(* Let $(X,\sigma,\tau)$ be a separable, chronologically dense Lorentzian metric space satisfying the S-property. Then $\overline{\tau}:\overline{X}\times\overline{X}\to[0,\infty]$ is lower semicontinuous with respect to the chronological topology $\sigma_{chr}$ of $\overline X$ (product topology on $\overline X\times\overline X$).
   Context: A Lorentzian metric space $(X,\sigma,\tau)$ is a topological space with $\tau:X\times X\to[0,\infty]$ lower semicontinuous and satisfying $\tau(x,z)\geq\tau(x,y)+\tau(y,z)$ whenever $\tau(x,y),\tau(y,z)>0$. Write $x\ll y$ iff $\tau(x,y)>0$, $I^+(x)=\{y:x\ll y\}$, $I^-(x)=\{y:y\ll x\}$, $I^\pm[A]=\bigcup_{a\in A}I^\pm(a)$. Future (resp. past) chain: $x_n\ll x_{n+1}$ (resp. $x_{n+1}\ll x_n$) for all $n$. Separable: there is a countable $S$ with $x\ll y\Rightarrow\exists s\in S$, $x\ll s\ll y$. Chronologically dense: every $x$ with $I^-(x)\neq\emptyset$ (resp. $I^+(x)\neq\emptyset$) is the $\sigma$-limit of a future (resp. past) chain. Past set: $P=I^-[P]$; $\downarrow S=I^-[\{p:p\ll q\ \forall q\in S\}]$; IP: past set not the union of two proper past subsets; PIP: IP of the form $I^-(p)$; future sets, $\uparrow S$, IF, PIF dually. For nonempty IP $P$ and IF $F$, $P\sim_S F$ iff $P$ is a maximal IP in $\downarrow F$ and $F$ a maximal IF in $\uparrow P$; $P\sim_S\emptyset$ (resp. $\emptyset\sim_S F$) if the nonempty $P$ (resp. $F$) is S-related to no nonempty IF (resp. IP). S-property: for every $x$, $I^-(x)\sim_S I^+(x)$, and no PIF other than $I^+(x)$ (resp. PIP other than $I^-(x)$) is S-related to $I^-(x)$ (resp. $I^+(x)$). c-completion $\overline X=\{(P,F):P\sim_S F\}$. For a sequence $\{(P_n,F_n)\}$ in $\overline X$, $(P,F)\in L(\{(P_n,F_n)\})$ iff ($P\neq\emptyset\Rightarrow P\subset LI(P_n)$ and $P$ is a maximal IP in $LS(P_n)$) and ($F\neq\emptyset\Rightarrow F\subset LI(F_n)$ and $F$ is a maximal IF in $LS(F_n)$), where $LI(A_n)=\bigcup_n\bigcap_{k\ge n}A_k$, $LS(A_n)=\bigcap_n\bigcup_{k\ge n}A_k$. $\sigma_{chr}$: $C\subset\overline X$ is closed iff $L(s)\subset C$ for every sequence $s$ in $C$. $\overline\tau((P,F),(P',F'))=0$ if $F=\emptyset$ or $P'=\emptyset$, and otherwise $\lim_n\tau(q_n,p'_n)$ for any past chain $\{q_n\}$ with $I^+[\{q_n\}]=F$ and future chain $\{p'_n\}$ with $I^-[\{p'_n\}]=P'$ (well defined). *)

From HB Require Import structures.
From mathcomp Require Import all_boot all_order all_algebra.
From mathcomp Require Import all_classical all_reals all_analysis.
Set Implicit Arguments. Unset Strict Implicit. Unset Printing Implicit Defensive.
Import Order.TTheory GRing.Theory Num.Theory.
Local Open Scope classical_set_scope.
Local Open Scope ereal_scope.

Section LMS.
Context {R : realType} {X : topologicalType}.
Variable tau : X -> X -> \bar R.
************
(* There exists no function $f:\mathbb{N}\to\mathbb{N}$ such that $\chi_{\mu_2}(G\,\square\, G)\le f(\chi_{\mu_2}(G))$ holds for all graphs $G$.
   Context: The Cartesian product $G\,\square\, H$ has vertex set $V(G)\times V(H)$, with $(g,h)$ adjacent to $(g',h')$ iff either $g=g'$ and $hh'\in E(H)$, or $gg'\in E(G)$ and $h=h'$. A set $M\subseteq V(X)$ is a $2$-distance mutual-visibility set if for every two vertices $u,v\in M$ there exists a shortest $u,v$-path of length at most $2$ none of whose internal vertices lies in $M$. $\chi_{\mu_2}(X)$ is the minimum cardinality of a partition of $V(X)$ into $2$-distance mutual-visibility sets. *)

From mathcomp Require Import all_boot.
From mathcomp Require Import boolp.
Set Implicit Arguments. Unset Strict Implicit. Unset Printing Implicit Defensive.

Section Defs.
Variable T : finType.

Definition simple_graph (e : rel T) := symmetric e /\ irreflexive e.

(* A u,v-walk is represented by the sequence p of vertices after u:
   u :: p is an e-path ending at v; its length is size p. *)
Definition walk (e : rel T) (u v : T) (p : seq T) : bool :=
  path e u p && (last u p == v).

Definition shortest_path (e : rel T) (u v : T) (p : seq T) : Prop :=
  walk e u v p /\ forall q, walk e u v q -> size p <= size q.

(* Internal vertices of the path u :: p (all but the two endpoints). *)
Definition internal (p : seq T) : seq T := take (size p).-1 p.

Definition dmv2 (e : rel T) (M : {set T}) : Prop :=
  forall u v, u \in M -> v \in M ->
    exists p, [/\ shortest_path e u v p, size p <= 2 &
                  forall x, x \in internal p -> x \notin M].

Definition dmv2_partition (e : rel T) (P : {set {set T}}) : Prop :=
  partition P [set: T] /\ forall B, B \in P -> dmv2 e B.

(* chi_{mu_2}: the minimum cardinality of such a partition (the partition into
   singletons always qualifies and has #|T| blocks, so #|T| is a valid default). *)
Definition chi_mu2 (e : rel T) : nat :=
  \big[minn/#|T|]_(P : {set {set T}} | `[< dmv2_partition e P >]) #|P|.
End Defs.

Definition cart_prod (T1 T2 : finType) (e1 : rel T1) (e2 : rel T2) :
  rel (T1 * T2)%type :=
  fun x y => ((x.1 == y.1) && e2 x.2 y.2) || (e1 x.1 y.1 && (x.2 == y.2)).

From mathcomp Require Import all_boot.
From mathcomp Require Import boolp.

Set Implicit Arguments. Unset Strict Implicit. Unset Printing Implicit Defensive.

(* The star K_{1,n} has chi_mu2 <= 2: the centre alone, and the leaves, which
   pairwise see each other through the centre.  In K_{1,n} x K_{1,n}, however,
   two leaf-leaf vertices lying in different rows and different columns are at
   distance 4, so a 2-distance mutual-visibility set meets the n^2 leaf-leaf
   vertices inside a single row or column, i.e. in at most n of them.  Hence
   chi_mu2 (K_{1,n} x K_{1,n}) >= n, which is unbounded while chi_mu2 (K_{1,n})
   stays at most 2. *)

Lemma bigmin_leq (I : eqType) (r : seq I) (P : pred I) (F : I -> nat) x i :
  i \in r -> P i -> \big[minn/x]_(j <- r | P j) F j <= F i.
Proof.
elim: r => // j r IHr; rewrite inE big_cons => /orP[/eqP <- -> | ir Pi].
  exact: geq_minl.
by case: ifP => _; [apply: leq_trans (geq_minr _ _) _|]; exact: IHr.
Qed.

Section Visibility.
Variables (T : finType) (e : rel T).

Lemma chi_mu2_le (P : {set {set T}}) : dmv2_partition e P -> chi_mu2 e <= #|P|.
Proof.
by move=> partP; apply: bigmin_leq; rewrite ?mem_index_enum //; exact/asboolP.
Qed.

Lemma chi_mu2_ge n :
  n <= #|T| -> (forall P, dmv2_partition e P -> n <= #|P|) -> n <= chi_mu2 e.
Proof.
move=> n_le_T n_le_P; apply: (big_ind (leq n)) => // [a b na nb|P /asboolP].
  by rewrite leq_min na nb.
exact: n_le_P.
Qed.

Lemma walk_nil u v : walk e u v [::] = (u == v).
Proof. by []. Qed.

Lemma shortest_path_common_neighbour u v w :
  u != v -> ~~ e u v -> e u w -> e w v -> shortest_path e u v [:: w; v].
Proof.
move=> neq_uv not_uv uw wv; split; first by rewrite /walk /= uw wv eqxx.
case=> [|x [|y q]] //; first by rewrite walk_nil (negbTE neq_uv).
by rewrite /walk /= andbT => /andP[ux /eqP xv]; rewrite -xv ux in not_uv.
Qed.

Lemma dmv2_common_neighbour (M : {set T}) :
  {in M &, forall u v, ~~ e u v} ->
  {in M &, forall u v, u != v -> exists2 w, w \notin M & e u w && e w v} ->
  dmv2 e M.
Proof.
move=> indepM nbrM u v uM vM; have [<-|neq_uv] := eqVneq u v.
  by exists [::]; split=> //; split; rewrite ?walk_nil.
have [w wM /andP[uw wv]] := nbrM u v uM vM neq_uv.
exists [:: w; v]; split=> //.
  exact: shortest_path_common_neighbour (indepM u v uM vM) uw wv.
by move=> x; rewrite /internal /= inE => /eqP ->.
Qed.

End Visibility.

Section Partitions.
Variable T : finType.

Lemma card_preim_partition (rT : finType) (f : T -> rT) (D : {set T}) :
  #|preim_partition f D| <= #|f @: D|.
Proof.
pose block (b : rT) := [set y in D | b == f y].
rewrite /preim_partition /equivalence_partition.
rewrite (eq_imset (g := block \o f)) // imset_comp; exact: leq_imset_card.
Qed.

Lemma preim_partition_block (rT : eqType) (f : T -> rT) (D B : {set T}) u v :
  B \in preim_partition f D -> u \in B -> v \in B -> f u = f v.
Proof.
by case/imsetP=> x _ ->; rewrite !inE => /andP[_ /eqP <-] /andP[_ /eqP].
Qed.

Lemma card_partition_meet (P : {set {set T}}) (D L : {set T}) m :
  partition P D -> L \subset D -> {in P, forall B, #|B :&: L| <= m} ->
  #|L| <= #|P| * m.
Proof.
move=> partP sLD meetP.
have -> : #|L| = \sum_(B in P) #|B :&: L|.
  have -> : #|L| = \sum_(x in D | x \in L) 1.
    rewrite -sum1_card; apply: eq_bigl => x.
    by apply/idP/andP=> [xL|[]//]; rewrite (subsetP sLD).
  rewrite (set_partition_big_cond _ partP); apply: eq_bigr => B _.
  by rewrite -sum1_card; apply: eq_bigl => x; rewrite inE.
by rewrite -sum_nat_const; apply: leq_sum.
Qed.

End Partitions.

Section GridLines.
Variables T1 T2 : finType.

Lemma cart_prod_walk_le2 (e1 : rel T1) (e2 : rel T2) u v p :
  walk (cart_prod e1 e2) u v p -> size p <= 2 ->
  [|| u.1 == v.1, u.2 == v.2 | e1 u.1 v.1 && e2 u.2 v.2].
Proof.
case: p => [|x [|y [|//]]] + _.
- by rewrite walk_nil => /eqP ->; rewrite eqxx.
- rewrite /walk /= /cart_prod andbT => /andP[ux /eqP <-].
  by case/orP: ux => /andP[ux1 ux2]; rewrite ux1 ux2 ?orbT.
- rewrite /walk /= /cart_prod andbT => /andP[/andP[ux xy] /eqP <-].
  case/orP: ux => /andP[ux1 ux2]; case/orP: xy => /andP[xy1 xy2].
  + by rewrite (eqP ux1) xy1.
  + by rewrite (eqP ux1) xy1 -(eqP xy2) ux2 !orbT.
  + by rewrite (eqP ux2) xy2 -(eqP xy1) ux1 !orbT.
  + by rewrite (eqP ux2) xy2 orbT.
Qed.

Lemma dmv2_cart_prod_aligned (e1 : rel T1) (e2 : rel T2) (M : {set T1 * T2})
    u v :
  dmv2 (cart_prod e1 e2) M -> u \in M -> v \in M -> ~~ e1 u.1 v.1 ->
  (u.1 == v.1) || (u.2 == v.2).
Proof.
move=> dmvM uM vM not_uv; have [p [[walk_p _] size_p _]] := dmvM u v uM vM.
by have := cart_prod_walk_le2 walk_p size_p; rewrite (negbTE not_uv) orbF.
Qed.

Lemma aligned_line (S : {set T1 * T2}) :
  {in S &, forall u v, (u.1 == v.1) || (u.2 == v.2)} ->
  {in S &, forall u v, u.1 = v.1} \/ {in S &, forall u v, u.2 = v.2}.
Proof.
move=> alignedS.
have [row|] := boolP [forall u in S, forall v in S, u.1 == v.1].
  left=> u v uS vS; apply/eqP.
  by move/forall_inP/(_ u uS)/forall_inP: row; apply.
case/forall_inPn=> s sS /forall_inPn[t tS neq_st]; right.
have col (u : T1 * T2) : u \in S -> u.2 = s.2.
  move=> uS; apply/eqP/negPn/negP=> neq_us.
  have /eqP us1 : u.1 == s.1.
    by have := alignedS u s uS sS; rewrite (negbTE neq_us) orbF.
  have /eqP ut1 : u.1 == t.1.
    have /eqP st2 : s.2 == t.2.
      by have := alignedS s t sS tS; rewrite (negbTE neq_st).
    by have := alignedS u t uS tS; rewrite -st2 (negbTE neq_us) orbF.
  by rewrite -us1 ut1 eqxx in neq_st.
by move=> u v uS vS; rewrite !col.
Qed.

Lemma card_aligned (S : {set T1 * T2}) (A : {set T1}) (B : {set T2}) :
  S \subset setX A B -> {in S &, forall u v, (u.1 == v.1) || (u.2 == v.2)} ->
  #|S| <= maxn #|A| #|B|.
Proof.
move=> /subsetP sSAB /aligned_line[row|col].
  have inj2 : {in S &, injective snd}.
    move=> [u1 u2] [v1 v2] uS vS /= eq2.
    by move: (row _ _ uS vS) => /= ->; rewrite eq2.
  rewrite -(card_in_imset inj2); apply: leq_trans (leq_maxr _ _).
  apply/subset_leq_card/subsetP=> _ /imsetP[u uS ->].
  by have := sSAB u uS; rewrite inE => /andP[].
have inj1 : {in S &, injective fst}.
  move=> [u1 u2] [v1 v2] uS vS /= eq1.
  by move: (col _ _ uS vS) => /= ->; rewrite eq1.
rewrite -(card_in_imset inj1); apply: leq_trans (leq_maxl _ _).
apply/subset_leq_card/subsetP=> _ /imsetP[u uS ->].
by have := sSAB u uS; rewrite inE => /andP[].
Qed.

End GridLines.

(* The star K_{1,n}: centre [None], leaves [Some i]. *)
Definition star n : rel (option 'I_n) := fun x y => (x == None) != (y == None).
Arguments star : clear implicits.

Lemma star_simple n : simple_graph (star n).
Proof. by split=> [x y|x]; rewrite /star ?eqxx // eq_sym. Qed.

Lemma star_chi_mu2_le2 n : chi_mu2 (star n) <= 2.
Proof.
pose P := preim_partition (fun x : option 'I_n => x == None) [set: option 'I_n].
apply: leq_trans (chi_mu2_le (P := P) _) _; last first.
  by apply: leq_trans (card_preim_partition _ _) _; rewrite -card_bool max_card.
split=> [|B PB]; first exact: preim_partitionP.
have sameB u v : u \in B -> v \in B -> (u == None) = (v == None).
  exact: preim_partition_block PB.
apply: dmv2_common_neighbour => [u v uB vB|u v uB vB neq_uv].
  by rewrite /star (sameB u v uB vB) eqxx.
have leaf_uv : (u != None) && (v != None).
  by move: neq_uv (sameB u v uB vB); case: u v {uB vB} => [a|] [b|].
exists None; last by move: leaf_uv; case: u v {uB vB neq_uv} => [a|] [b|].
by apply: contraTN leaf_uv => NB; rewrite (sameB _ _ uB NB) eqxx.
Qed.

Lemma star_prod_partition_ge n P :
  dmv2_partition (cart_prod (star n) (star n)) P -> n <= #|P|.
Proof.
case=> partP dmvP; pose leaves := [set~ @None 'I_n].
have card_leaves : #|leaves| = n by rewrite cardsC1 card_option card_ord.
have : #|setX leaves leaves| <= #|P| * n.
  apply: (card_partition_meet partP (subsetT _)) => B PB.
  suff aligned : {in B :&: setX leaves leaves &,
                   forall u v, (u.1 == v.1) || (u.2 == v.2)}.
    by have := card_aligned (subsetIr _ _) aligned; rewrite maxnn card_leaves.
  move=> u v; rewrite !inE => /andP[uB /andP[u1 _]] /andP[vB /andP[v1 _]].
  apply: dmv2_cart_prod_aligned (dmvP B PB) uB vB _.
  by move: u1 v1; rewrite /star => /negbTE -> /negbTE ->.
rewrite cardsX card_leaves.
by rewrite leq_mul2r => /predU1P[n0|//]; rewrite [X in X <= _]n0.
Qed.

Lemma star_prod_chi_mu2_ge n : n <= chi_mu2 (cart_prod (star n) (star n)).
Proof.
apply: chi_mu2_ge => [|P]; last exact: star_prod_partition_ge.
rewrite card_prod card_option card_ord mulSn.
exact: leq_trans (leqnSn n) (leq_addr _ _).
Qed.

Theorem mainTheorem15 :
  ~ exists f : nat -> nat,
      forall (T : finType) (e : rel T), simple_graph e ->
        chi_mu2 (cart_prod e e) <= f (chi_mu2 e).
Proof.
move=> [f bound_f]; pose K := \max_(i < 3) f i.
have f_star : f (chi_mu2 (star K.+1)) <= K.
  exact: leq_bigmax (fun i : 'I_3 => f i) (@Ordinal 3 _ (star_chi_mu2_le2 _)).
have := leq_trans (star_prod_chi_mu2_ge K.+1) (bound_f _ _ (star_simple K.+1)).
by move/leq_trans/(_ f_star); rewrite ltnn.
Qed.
************
:: WORK INSTRUCTIONS ::
Which of the lines in the material above contain "orbF"? Copy each one out.

:: PROBLEM SOLUTION ::
by have := cart_prod_walk_le2 walk_p size_p; rewrite (negbTE not_uv) orbF.
    by have := alignedS u s uS sS; rewrite (negbTE neq_us) orbF.
    by have := alignedS u t uS tS; rewrite -st2 (negbTE neq_us) orbF.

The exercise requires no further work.